0

I built a Python app - it's very straightforward. A file selection box opens, a user chooses a PDF file, and then the text from the PDF is exported to a CSV.

I packaged this as a .exe from within a virtualenv, I only installed the libraries I'm importing (plus PyMuPDF), and the package is still 1.4GB.

The script:

import textract
import csv
import codecs
import fitz
import re
import easygui
from io import open


from nltk.tokenize import word_tokenize
from nltk.corpus import stopwords

filename = easygui.fileopenbox()

pdfFileObj = fitz.open(filename)

text =""

for page in pdfFileObj:
    text+= page.getText()
    re.sub(r'\W+', '', text)

if text != "":
    text = text

else: 
    text = textract.process(filename, method='tesseract', language='eng')
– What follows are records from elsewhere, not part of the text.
Lemma measurable_sphere : measurable (sphere R d).
Proof.
have [mdot _] : bounded_measurable (fun x => dotv x x).
  apply: bounded_measurable_sum => i.
  by apply: bounded_measurable_mul; exact: bounded_measurable_coord.
by have := mdot measurableT [set 1] (measurable_set1 1); rewrite setTI.
Qed.

Local Hint Resolve measurable_sphere : core.

Lemma coord_poly_split F : coord_poly F ->
  exists (I : finType) (f : I -> V -> R) (G : I -> seq V -> R),
    (forall i, bounded_measurable (f i) /\ coord_poly (G i)) /\
    forall x s, F (x :: s) = \sum_i f i x * G i s.
Proof.
elim=> [c|[|j] a|F1 F2 _ [I1 [f1 [G1 [h1 e1]]]] _ [I2 [f2 [G2 [h2 e2]]]]
               |F1 F2 _ [I1 [f1 [G1 [h1 e1]]]] _ [I2 [f2 [G2 [h2 e2]]]]].
- exists (ordinal 1), (fun _ _ => 1), (fun _ _ => c); split=> [_|x s].
    by split; [exact: bounded_measurable_cst | exact: coord_poly_cst].
  by rewrite big_ord1 mul1r.
- exists (ordinal 1), (fun _ x => tnth x a), (fun _ _ => 1); split=> [_|x s].
    by split; [exact: bounded_measurable_coord | exact: coord_poly_cst].
  by rewrite big_ord1 mulr1.
- exists (ordinal 1), (fun _ _ => 1), (fun _ s => tnth (nth v0 s j) a); split=> [_|x s].
    by split; [exact: bounded_measurable_cst | exact: coord_poly_coord].
  by rewrite big_ord1 mul1r.
- exists (I1 + I2)%type, (fun i => match i with inl i1 => f1 i1 | inr i2 => f2 i2 end),
    (fun i => match i with inl i1 => G1 i1 | inr i2 => G2 i2 end).
  by split=> [[i1|i2] //|x s]; rewrite big_sumType e1 e2.
- exists (I1 * I2)%type, (fun i x => f1 i.1 x * f2 i.2 x), (fun i s => G1 i.1 s * G2 i.2 s).
  split=> [i|x s].
    have [[bf1 pG1] [bf2 pG2]] := (h1 i.1, h2 i.2).
    by split; [exact: bounded_measurable_mul | exact: coord_poly_mul].
  rewrite e1 e2 mulr_suml -(pair_bigA _ (fun i1 i2 => f1 i1 x * f2 i2 x * (G1 i1 s * G2 i2 s))).
  apply: eq_bigr => i1 _.
  by rewrite mulr_sumr; apply: eq_bigr => i2 _; rewrite mulrACA.
Qed.

Lemma finite_measure_sphere_lty (mu : {finite_measure set V -> \bar R}) :
  (mu (sphere R d) < +oo)%E.
Proof. by have := fin_num_measure mu _ measurable_sphere; rewrite fin_numElt => /andP[]. Qed.

Section SphereIntegrals.
Variable mu : {measure set V -> \bar R}.
Local Notation S := (sphere R d).

Lemma iter_int_ge0 n F : (forall s, 0 <= F s) -> 0 <= iter_int mu n F.
Proof.
elim: n F => [|n IH] F F_ge0 /=; first exact: F_ge0.
by apply: Rintegral_ge0 => x _; exact: IH.
Qed.

Hypothesis mu_sphere_lty : (mu S < +oo)%E.

Lemma bounded_measurable_integrable f : bounded_measurable f -> mu.-integrable S (EFin \o f).
Proof.
move=> [mf [C f_le]]; apply: measurable_bounded_integrable => //.
- exact: measurable_funS mf.
- exists C; split; first exact: num_real.
  by move=> M CM x Sx; exact: le_trans (f_le x Sx) (ltW CM).
Qed.

Lemma Rintegral_sum I (r : seq I) (F : I -> V -> R) :
  (forall i, bounded_measurable (F i)) ->
  Rintegral mu S (fun x => \sum_(i <- r) F i x) = \sum_(i <- r) Rintegral mu S (F i).
Proof.
move=> bF; elim: r => [|i r IH].
  under eq_Rintegral do rewrite big_nil.
  by rewrite big_nil Rintegral_cst ?mul0r.
under eq_Rintegral do rewrite big_cons.
rewrite big_cons RintegralD ?IH //; apply: bounded_measurable_integrable => //.
exact: bounded_measurable_sum.
Qed.

Lemma Rintegral_invariant (phi : V -> V) f :
  measurable_fun setT phi -> (forall A, measurable A -> mu (phi @^-1` A) = mu A) ->
  phi @^-1` S = S -> bounded_measurable f -> bounded_measurable (f \o phi) ->
  Rintegral mu S (f \o phi) = Rintegral mu S f.
Proof.
move=> mphi phi_inv phiS [mf _] /bounded_measurable_integrable.
rewrite -{1}phiS => int_fphi.
have mEf : measurable_fun setT (EFin \o f) by apply/measurable_EFinP.
have := integral_pushforward mphi mEf int_fphi measurable_sphere.
rewrite (eq_measure_integral mu) => [|A mA _]; last exact: phi_inv.
by rewrite phiS /Rintegral => ->.
Qed.

Definition iter_int_linear n := forall (I : finType) (c : I -> R) (F : I -> seq V -> R),
  (forall i, coord_poly (F i)) ->
  iter_int mu n (fun s => \sum_i c i * F i s) = \sum_i c i * iter_int mu n (F i).

Lemma bounded_measurable_iter_int n F : iter_int_linear n -> coord_poly F ->
  bounded_measurable (fun x => iter_int mu n (fun s => F (x :: s))).
Proof.
move=> lin_n /coord_poly_split[I [f [G [fG FE]]]].
have -> : (fun x => iter_int mu n (fun s => F (x :: s))) =
          (fun x => \sum_i f i x * iter_int mu n (G i)).
  apply: funext => x; under eq_fun do rewrite FE.
  by apply: lin_n => i; have [] := fG i.
apply: bounded_measurable_sum => i; apply: bounded_measurable_mul.
  by have [] := fG i.
exact: bounded_measurable_cst.
Qed.

Lemma iter_int_is_linear n : iter_int_linear n.
Proof.
elim: n => [//|n IH] I c F pF /=.
have bF i : bounded_measurable (fun x => iter_int mu n (fun s => F i (x :: s))).
  exact: bounded_measurable_iter_int.
have inner x : iter_int mu n (fun s => \sum_i c i * F i (x :: s)) =
               \sum_i c i * iter_int mu n (fun s => F i (x :: s)).
  by apply: IH => i; exact: coord_poly_cons.
under eq_Rintegral do rewrite inner.
rewrite Rintegral_sum => [|i]; last exact/bounded_measurable_mul/bF/bounded_measurable_cst.
by apply: eq_bigr => i _; rewrite RintegralZl //; exact: bounded_measurable_integrable.
Qed.

Lemma iter_int_bform n (M : seq V -> 'M[R]_d) u v : coord_poly_mx M ->
  iter_int mu n (fun s => bform (M s) u v) =
  bform (\matrix_(l, m) iter_int mu n (fun s => M s l m)) u v.
Proof.
move=> pM; under eq_fun do rewrite bform_pairE.
rewrite iter_int_is_linear // bform_pairE.
by apply: eq_bigr => p _; rewrite mxE.
Qed.

Definition barycenter : 'cV[R]_d := \col_l Rintegral mu S (fun x => tnth x l).

Lemma Rintegral_coord_comb (c : 'I_d -> R) :
  Rintegral mu S (fun x => \sum_l tnth x l * c l) = \sum_l barycenter l ord0 * c l.
Proof.
rewrite Rintegral_sum => [|l]; last first.
  exact/bounded_measurable_mul/bounded_measurable_cst/bounded_measurable_coord.
apply: eq_bigr => l _; rewrite RintegralZr ?mxE //.
exact/bounded_measurable_integrable/bounded_measurable_coord.
Qed.

Lemma Rintegral_bforml K v :
  Rintegral mu S (fun x => bform K (tcol x) v) = bform K barycenter v.
Proof.
under eq_Rintegral do rewrite bformEl.
rewrite bformEl -Rintegral_coord_comb; apply: eq_Rintegral => x _.
by apply: eq_bigr => l _; rewrite mxE.
Qed.

Lemma Rintegral_bformr K u :
  Rintegral mu S (fun y => bform K u (tcol y)) = bform K u barycenter.
Proof.
under eq_Rintegral do rewrite bformEr.
rewrite bformEr; under eq_bigr do rewrite mulrC.
rewrite -Rintegral_coord_comb; apply: eq_Rintegral => y _.
by apply: eq_bigr => m _; rewrite [tcol y m ord0]mxE mulrC.
Qed.

End SphereIntegrals.

Lemma mxactN1 (x : V) i : tnth (mxact (- 1%:M) x) i = - tnth x i.
Proof.
rewrite /mxact tnth_mktuple (bigD1 i) //= big1 ?addr0; first by rewrite !mxE eqxx mulN1r.
by move=> j ji; rewrite !mxE eq_sym (negbTE ji) oppr0 mul0r.
Qed.

(* Invariance under the antipodal map x |-> -x. *)
Lemma barycenter_surface_eq0 (sigma : probability V R) :
  is_normalized_surface_measure sigma -> barycenter sigma = 0.
Proof.
move=> [_ sigma_inv]; set T := mxact (- 1%:M : 'M[R]_d).
have T_orth : (- 1%:M : 'M[R]_d) *m (- 1%:M)^T = 1%:M.
  by rewrite linearN /= trmx1 mulmxN mulNmx opprK mulmx1.
have TE x i : tnth (T x) i = -1 * tnth x i by rewrite /T mxactN1 mulN1r.
have bT i : bounded_measurable (fun x => tnth (T x) i).
  under eq_fun do rewrite TE.
  exact/bounded_measurable_mul/bounded_measurable_coord/bounded_measurable_cst.
have mT : measurable_fun setT T by apply/measurable_fun_tnthP => i; have [] := bT i.
have TS : T @^-1` sphere R d = sphere R d.
  have dotT x : dotv (T x) (T x) = dotv x x.
    by apply: eq_bigr => i _; rewrite !TE !mulN1r mulrNN.
  by apply/seteqP; split=> x; rewrite /preimage /sphere /= dotT.
have sigma_lty := finite_measure_sphere_lty sigma.
apply/colP => l; rewrite !mxE.
have := Rintegral_invariant sigma_lty mT (sigma_inv _ T_orth) TS
  (bounded_measurable_coord l) (bT l).
have -> : (fun x => tnth x l) \o T = (fun x => -1 * tnth x l).
  by apply: funext => x; exact: TE.
rewrite RintegralZl //; last first.
  by apply: bounded_measurable_integrable => //; exact: bounded_measurable_coord.
by move=> ?; lra.
Qed.

Definition tail_mx k (z : nat -> V) : 'M[R]_(d, k - 2) := \matrix_(a, i) tnth (z (i + 2)%N) a.

Lemma Qk1_cfgE k (x y : V) (z : nat -> V) :
  Qk1 k (cfg x y z) = bform (perp_proj_mx (tail_mx k z)) (tcol x) (tcol y).
Proof.
set Z := tail_mx k z.
have W_gram : Wmx k (cfg x y z) = Z^T *m Z.
  apply/matrixP => i j; rewrite !mxE /gram_u /dotv !addn2 /cfg /=.
  by apply: eq_bigr => a _; rewrite !mxE !addn2.
have w_tcol h : wvec k (cfg x y z) h = Z^T *m tcol (cfg x y z h).
  apply/matrixP => i j; rewrite !mxE /gram_u /dotv !addn2 /=.
  by apply: eq_bigr => a _; rewrite !mxE !addn2 mulrC.
rewrite /Qk1 W_gram !w_tcol /bform /perp_proj_mx trmx_mul trmxK.
rewrite mulmxBr mulmxBl [RHS]mxE [X in _ = _ + X]mxE !mulmxA; congr (_ - _).
rewrite -scalemxAr mulmx1 -scalemxAl mxE /gram_u /dotv /= mxE.
by congr (_ * _); apply: eq_bigr => l _; rewrite !mxE.
Qed.

Lemma Qk1_cfgC k (x y : V) (z : nat -> V) : Qk1 k (cfg x y z) = Qk1 k (cfg y x z).
Proof. by rewrite !Qk1_cfgE bform_tr perp_proj_mx_tr. Qed.

Definition charge_barycenter (nu : {charge set V -> \bar R}) P N
  (nuPN : hahn_decomposition nu P N) : 'cV[R]_d :=
  barycenter (jordan_pos nuPN) - barycenter (jordan_neg nuPN).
tokens = word_tokenize(text)

punctuations = ['(',')',';',':','[',']',',']

stop_words = stopwords.words('english')

keywords = [word for word in tokens if not word in stop_words and not word in punctuations]

with open('ar.csv', 'w', newline='', encoding='utf-8') as f:
    write = csv.writer(f)
    for i in keywords:
        write.writerow([i])

Some context:

Within my venv, the entire lib folder is about 400MB. So how do I find out what is being added to the .exe that's making it 1.4GB?
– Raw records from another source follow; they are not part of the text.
(* Let $\wedge$ be any T-norm. If ${\mathcal R}_A$ is a similarity relation (with respect to $\wedge$) on the alphabet $\mathcal{F}\cup\mathcal{V}$ satisfying the conditions in the context, then the fuzzy relation ${\mathcal R}$ on terms induced by ${\mathcal R}_A$ and $\wedge$ is a similarity relation on terms.
   Context: Simple types are generated by $\tau ::= \delta \mid \tau\to\tau$ over basic types $\delta$. There are disjoint countably infinite sets $\mathcal{V}$ of typed variables and $\mathcal{F}$ of typed constants. Terms are simply typed $\lambda$-terms $t ::= x \mid c \mid \lambda x.t \mid (t_1\,t_2)$ considered modulo $\alpha\beta\eta$; $t\updownarrow_\beta^\eta$ denotes the $\eta$-long $\beta$-normal form. A T-norm $\wedge$ is an associative, commutative, non-decreasing binary operation on $[0,1]$ with unit $1$. A fuzzy relation on a set $S$ is a map $S\times S\to[0,1]$; it is a similarity relation if it is reflexive (${\mathcal R}(s,s)=1$ for all $s$), symmetric, and $\wedge$-transitive (${\mathcal R}(s_1,s_2)\ge {\mathcal R}(s_1,s)\wedge{\mathcal R}(s,s_2)$ for all $s_1,s_2,s$). The fuzzy relation ${\mathcal R}_A$ on $\mathcal{F}\cup\mathcal{V}$ satisfies: ${\mathcal R}_A(x,y)=0$ for distinct variables $x,y$; ${\mathcal R}_A(f,g)=0$ for constants $f,g$ of different types; ${\mathcal R}_A(x,f)={\mathcal R}_A(f,x)=0$ for a variable $x$ and a constant $f$. The induced relation ${\mathcal R}$ on terms is defined, for terms in $\eta$-long $\beta$-normal form, by ${\mathcal R}(a,b)={\mathcal R}_A(a,b)$ for $a,b\in\mathcal{F}\cup\mathcal{V}$; ${\mathcal R}((t_1\,s_1),(t_2\,s_2))={\mathcal R}(t_1,t_2)\wedge{\mathcal R}(s_1,s_2)$; ${\mathcal R}(\lambda x.t,\lambda y.s)={\mathcal R}(t\{x\mapsto z\},s\{y\mapsto z\})$ where $x,y,z$ have the same type and $z$ is fresh; ${\mathcal R}(t,s)=0$ otherwise; and for arbitrary terms ${\mathcal R}(t,s)={\mathcal R}(t\updownarrow_\beta^\eta,s\updownarrow_\beta^\eta)$. *)

From HB Require Import structures.
From mathcomp Require Import all_boot all_order all_algebra.
From mathcomp Require Import reals.
Set Implicit Arguments. Unset Strict Implicit. Unset Printing Implicit Defensive.
Import Order.TTheory GRing.Theory Num.Theory.
Local Open Scope ring_scope.

Inductive sty (B : Type) := Base of B | Arr of sty B & sty B.
Arguments Base {B}. Arguments Arr {B}.

Fixpoint sty_eqb (B : eqType) (a b : sty B) : bool :=
  match a, b with
  | Base x, Base y => x == y
  | Arr a1 a2, Arr b1 b2 => sty_eqb a1 b1 && sty_eqb a2 b2
  | _, _ => false
  end.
  • Is there any error or problem here? – Timothy Chen Dec 14 '20 at 00:52
  • Try to follow this question https://stackoverflow.com/questions/47692213/reducing-size-of-pyinstaller-exe – mtdot Dec 14 '20 at 00:55
  • @mtdot Yes that's the post I've read previously. I created a new virtualenv, so I'm not sure why it would ever get to be 1.4gb. These packages should all be lightweight. – DecentExperience Dec 14 '20 at 01:11
  • You could try compile the exe importing the packages one by one, and figure out which one is the culprit for increasing the size of your file – oskros Jan 05 '21 at 12:44

0 Answers0